November the 8th 1949

I’m dressed up to the nines in a white evening dress I can’t begin to describe – except to say Greta Garbo would look better in it than I do. It’s backless and strapless and held up with will power. We’re at the party,  in an ante-room waiting to be met by the guest of honour. I’m by far the youngest here. But I’m not the most nervous.

Everyone I look at is nervous. Soldiers of various rank and stature; eye each other up. Women with far more poise than I will ever have twist their fans and stare around them, at the array of famous faces. Infamous faces, to my mind, ruthless murderers and their ladies dressed in their finery  – taking full advantage of this disruption to the timelines. I’m not nervous, because I have nothing to lose. If I’m caught; I’m dead. I know the risks. And it’s a risk I’ll gladly take to make everything right again.

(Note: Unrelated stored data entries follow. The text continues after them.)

(** Staller can answer every indication inside a fixed maximum independent set
    [S]; such an [S] is dominating, so this works in any graph and forces
    [#|S|] selections.

    Conversely, in a forest let [W] be the set of undominated vertices.
    Dominator keeps the invariant that every component of the subforest
    induced by [W] contains at most one vertex with a neighbour outside [W].
    Under this invariant he can always indicate a vertex [v] such that every
    answer [u] in [N[v]] preserves it and lowers the independence number of
    the subforest: a [W]-neighbour of a boundary vertex [c] if [c] has one, [c]
    itself if it is isolated in [W], and any vertex of [W] if there is no
    boundary vertex at all.  The invariant survives because, in a forest, a
    connected vertex set has at most one neighbour in each component of a
    disjoint vertex set. *)

From mathcomp Require Import all_boot order.
Set Implicit Arguments. Unset Strict Implicit. Unset Printing Implicit Defensive.

Section Graph.
Variables (T : finType) (e : rel T).
Hypotheses (esym : symmetric e) (eirr : irreflexive e).
Implicit Types (A B D R S W : {set T}) (b c t u v x y z : T).

Definition undominated (D : {set T}) : {set T} := [set v | ~~ dominated e D v].

Definition alpha_in (W : {set T}) : nat :=
  \max_(S : {set T} | independent e S && (S \subset W)) #|S|.

Lemma cnbh_id v : v \in cnbh e v.
Proof. by rewrite inE eqxx. Qed.

Lemma cnbhC u v : (u \in cnbh e v) = (v \in cnbh e u).
Proof. by rewrite !inE eq_sym esym. Qed.

Lemma dominatedU D u v :
  dominated e (u |: D) v = (u \in cnbh e v) || dominated e D v.
Proof.
apply/existsP/orP => [[w /andP[]]|].
  rewrite in_setU1 => /predU1P[-> | wD wv]; first by left.
  by right; apply/existsP; exists w; rewrite wD.
case=> [uv | /existsP[w /andP[wD wv]]]; first by exists u; rewrite setU11.
by exists w; rewrite in_setU1 wD orbT.
Qed.

Lemma undominatedU D u : undominated (u |: D) = undominated D :\: cnbh e u.
Proof.
by apply/setP => v; rewrite in_setD !inE dominatedU negb_or cnbhC inE.
Qed.

Lemma undominated0 : undominated set0 = [set: T].
Proof. by apply/setP => v; rewrite !inE; apply/existsP => -[u]; rewrite inE. Qed.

I’ve never been to this location before. Not in my time. Not in any time. But I know whose house it is. Or rather I know whose palace it was. It makes me sad that all this now belongs to the Conqueror.

As I wait my turn (at the end of the long receiving line that wends its way down long, thin corridors stuffed with dead animal heads and crockery) I tire of looking at the paintings on the walls, at the Van Dyke clocks and  the beautiful tapestries. My feet hurt and I want to get this introduction over and done with. Not that I know why we’re here or what this party  is for. HE won’t tell me! Says it’s on a need to know.

I want to get the meal over and done with I want to get to the dancing in the room where the library is. I want to get a chance to look at the books. You see I think the one we’re looking for is here.

The line moves slowly; very slowly. Obviously our unknown host is spending time talking to each of his guests. That’s fine by me – I get to spend more time in this palace. And it is beautiful, even with all these Swastikas everywhere. When/If I get home, I must go and see what it really looks like.

My thoughts are interrupted: “Look up! We’re being watched.” It’s a silly statement, we’ve been watched by sharp faced guards ever since we arrived in Woodstock. Dutifully, however,  I do as my companion tells me. And he is right. Four secret watchers:one in each corner, staring  down at us.

“Beautiful, aren’t they?”

I nod. I wish I could get closer, touch the golden wings with my finger; trace the outline of magnificence. But they are high above me.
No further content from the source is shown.